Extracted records
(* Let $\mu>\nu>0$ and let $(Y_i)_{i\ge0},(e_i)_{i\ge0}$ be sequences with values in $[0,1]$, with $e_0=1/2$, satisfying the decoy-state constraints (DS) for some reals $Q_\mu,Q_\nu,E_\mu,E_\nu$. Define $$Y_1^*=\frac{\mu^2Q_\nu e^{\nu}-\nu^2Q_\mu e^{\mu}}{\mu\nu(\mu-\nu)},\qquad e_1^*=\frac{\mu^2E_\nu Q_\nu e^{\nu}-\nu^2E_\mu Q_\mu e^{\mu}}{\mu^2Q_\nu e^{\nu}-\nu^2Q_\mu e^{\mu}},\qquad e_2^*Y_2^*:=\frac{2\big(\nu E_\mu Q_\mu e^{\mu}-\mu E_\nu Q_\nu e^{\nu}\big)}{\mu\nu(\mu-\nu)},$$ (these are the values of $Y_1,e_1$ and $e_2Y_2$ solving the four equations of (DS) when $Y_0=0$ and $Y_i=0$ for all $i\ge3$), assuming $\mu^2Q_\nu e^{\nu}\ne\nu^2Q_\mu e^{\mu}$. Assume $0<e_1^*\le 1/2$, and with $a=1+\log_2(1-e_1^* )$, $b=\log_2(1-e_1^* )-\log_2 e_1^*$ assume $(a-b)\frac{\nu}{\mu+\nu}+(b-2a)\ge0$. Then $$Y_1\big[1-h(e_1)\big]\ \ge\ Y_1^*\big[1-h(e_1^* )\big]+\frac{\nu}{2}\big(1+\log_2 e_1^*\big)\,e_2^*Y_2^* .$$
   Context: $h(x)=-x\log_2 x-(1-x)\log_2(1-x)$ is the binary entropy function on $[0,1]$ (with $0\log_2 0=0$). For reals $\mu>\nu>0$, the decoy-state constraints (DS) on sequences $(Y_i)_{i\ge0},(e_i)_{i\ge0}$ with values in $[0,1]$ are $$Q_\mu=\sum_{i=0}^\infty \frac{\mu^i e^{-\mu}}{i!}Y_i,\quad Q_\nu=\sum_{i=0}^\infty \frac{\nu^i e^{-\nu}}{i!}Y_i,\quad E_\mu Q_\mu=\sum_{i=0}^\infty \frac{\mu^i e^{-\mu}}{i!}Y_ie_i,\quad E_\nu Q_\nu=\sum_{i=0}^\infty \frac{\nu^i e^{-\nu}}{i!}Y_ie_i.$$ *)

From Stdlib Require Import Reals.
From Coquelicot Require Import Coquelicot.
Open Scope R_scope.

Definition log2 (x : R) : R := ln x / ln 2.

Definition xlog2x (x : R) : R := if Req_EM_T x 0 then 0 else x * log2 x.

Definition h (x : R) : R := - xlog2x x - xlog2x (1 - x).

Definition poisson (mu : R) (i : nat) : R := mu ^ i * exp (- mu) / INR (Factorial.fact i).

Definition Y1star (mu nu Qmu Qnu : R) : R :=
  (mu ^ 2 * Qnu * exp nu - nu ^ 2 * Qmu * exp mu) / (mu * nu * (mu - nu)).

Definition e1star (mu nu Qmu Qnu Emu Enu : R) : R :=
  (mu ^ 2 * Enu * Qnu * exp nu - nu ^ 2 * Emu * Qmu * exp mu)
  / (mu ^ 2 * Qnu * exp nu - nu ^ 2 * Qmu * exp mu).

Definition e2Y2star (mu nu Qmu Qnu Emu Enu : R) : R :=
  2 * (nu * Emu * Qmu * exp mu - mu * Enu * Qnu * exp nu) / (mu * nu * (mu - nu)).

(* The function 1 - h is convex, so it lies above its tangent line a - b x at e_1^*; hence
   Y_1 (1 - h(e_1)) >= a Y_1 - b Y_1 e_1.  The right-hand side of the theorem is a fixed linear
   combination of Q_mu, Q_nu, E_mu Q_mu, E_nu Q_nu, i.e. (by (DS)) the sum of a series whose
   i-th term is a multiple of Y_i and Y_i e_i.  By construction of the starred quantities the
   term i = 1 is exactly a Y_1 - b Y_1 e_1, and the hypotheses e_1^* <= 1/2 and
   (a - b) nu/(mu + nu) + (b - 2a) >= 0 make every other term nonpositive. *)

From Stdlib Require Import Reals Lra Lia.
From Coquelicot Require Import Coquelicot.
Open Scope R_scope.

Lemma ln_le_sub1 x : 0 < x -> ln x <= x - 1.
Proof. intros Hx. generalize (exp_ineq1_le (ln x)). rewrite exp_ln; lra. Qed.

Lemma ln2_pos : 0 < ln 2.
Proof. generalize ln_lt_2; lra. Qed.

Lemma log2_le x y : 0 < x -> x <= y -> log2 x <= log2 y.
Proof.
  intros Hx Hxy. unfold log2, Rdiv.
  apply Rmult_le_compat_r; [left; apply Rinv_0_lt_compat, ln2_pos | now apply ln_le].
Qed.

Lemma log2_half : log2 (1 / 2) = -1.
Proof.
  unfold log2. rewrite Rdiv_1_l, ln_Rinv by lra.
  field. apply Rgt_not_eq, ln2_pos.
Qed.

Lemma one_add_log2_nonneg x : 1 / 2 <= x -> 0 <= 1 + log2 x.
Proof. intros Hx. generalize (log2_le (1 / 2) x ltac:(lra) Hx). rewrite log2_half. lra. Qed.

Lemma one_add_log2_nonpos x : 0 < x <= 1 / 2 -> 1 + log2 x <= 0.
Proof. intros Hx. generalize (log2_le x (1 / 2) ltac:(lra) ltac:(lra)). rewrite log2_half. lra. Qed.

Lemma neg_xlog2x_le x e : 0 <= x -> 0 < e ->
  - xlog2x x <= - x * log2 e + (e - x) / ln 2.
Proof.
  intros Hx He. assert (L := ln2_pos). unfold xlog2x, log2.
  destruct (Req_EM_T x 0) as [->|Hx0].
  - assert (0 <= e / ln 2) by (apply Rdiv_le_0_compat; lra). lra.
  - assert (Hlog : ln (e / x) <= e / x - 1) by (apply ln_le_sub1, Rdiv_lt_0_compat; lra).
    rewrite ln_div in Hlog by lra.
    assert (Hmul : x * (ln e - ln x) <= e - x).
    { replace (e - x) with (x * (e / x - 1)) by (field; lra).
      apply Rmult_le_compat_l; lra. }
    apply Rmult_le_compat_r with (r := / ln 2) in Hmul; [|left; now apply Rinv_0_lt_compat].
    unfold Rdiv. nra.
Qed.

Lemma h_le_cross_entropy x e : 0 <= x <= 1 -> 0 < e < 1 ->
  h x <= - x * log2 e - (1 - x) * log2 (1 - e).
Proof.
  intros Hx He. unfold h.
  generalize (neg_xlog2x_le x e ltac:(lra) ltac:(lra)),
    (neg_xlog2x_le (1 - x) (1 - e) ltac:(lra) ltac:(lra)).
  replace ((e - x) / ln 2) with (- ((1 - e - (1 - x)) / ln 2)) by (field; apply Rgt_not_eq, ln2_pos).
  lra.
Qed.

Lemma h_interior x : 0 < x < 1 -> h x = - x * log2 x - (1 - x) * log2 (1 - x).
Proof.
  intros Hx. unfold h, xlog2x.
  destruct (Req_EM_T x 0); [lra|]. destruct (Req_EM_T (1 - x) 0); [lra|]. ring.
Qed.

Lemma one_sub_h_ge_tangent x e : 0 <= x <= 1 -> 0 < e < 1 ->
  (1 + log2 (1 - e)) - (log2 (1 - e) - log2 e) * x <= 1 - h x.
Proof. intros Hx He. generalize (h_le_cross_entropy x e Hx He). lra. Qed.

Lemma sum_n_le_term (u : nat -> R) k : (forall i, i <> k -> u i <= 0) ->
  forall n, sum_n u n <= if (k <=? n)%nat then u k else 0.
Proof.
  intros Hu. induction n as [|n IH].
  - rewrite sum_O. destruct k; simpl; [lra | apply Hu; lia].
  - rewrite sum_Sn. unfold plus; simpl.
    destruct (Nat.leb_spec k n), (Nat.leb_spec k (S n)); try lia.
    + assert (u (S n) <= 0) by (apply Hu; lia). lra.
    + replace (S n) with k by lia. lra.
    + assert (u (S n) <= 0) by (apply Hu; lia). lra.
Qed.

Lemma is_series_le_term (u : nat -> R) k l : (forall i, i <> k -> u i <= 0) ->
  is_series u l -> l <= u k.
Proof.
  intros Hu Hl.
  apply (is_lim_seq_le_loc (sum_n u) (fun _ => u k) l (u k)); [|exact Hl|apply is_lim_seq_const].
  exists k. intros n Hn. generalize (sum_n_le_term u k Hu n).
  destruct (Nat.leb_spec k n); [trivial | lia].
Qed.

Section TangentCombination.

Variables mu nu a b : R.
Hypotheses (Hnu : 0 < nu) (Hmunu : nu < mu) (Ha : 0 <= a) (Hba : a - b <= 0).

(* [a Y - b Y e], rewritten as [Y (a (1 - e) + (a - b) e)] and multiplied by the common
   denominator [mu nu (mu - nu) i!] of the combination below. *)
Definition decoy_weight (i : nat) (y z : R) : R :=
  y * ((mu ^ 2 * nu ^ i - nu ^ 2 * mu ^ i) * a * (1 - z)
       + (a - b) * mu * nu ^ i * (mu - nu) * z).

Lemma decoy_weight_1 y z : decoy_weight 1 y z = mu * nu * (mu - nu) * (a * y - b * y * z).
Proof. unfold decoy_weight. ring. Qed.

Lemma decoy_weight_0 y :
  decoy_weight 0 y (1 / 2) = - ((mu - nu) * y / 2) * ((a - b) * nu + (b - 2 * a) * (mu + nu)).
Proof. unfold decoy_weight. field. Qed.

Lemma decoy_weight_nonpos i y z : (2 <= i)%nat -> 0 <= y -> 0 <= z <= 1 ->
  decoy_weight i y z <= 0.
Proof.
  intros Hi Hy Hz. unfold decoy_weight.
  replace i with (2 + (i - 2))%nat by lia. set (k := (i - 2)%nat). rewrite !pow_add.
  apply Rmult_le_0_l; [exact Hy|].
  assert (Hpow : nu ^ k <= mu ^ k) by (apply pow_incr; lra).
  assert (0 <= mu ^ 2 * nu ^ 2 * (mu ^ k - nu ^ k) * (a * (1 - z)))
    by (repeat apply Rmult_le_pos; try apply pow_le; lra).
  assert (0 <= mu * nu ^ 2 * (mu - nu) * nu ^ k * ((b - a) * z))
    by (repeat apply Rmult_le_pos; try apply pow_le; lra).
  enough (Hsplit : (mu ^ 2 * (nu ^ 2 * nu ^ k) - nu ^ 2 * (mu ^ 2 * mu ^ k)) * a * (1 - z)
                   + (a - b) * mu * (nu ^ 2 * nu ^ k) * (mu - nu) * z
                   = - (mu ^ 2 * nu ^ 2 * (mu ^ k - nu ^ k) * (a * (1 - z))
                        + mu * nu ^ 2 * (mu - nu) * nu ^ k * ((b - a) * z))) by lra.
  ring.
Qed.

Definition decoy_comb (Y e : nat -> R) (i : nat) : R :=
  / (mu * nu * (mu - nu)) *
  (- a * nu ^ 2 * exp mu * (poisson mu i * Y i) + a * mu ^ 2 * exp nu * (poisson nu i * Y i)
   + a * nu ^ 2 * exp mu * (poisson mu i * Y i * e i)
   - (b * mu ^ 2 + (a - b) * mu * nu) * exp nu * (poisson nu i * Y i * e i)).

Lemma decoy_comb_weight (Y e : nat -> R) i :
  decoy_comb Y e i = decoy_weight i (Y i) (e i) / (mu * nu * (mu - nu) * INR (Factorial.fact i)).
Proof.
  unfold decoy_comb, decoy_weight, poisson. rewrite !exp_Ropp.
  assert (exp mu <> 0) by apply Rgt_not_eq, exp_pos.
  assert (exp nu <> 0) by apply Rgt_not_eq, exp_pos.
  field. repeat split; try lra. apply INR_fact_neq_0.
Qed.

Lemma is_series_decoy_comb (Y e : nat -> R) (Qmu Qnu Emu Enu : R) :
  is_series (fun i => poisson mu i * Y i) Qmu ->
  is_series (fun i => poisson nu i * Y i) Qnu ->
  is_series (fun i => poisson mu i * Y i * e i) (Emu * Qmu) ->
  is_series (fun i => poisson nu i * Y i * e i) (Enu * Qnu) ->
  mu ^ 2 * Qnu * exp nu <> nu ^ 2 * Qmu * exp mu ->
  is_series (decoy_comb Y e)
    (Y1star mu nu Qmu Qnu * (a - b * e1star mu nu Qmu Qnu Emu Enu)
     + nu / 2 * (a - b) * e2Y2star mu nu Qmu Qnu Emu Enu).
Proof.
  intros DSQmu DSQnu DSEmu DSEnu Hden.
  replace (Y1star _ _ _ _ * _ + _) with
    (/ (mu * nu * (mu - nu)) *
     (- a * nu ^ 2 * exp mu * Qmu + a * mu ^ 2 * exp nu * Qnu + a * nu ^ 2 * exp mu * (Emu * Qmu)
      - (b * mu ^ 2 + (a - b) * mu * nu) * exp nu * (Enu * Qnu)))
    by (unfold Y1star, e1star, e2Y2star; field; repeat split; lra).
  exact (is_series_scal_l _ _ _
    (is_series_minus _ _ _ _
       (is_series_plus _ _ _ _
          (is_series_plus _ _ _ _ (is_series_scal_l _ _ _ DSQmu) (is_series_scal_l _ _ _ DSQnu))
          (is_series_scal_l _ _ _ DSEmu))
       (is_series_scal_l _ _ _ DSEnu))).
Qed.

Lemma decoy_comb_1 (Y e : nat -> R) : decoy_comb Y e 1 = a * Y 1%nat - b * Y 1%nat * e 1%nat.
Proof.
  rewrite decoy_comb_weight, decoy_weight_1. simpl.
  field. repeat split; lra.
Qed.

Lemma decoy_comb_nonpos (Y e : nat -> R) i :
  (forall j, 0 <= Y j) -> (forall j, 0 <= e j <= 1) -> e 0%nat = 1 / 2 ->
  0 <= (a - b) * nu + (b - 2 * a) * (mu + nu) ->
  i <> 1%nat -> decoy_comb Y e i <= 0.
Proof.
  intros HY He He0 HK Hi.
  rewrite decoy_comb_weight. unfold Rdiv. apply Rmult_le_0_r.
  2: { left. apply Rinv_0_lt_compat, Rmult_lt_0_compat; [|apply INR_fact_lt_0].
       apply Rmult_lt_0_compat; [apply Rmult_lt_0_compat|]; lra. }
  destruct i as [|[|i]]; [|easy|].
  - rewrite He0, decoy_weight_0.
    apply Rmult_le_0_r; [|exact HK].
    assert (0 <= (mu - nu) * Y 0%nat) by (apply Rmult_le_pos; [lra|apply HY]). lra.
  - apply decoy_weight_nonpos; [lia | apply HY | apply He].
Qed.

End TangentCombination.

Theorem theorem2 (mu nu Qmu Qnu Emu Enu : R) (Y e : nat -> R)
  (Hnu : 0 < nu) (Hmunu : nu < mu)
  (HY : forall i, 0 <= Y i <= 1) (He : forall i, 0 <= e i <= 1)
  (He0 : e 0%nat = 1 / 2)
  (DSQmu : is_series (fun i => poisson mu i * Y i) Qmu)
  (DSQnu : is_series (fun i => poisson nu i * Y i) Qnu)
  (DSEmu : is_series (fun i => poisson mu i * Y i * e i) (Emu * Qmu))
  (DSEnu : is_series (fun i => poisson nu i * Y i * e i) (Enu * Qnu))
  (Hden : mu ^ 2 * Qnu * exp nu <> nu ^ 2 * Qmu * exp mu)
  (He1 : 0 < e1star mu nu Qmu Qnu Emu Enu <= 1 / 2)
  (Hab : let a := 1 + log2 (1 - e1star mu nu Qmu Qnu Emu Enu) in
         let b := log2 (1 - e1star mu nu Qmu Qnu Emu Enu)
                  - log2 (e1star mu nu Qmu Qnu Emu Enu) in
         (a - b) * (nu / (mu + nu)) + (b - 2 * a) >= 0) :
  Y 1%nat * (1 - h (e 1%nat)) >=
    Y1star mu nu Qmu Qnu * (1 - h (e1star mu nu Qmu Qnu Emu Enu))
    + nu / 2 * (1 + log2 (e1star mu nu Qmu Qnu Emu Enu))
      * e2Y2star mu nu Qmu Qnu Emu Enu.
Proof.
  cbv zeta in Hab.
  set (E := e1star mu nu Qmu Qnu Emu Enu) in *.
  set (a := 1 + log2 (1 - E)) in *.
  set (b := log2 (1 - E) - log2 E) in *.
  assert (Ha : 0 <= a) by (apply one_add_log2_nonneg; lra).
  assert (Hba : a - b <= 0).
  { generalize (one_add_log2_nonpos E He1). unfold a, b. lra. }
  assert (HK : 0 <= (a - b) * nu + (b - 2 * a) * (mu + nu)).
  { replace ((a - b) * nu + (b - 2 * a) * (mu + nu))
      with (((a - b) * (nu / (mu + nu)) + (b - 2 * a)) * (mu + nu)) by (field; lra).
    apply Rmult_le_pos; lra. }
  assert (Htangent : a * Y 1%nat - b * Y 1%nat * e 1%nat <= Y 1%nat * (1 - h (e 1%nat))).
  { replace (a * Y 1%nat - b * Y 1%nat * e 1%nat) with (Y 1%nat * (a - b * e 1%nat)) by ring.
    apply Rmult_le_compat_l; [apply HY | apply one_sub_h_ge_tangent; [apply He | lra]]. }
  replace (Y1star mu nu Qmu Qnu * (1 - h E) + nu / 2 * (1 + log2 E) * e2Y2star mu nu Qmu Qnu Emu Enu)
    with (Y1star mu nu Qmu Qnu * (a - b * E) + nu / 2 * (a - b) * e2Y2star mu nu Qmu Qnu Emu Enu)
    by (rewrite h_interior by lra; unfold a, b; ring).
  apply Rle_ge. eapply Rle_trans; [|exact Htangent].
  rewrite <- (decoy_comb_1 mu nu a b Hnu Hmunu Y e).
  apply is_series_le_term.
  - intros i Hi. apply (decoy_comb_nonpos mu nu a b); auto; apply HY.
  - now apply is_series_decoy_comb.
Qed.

__What this task involves__
In the entries above, find each line that has the word "ltac". Copy it.

__Response__
Proof. intros Hx. generalize (log2_le (1 / 2) x ltac:(lra) Hx). rewrite log2_half. lra. Qed.
Proof. intros Hx. generalize (log2_le x (1 / 2) ltac:(lra) ltac:(lra)). rewrite log2_half. lra. Qed.
  generalize (neg_xlog2x_le x e ltac:(lra) ltac:(lra)),
    (neg_xlog2x_le (1 - x) (1 - e) ltac:(lra) ltac:(lra)).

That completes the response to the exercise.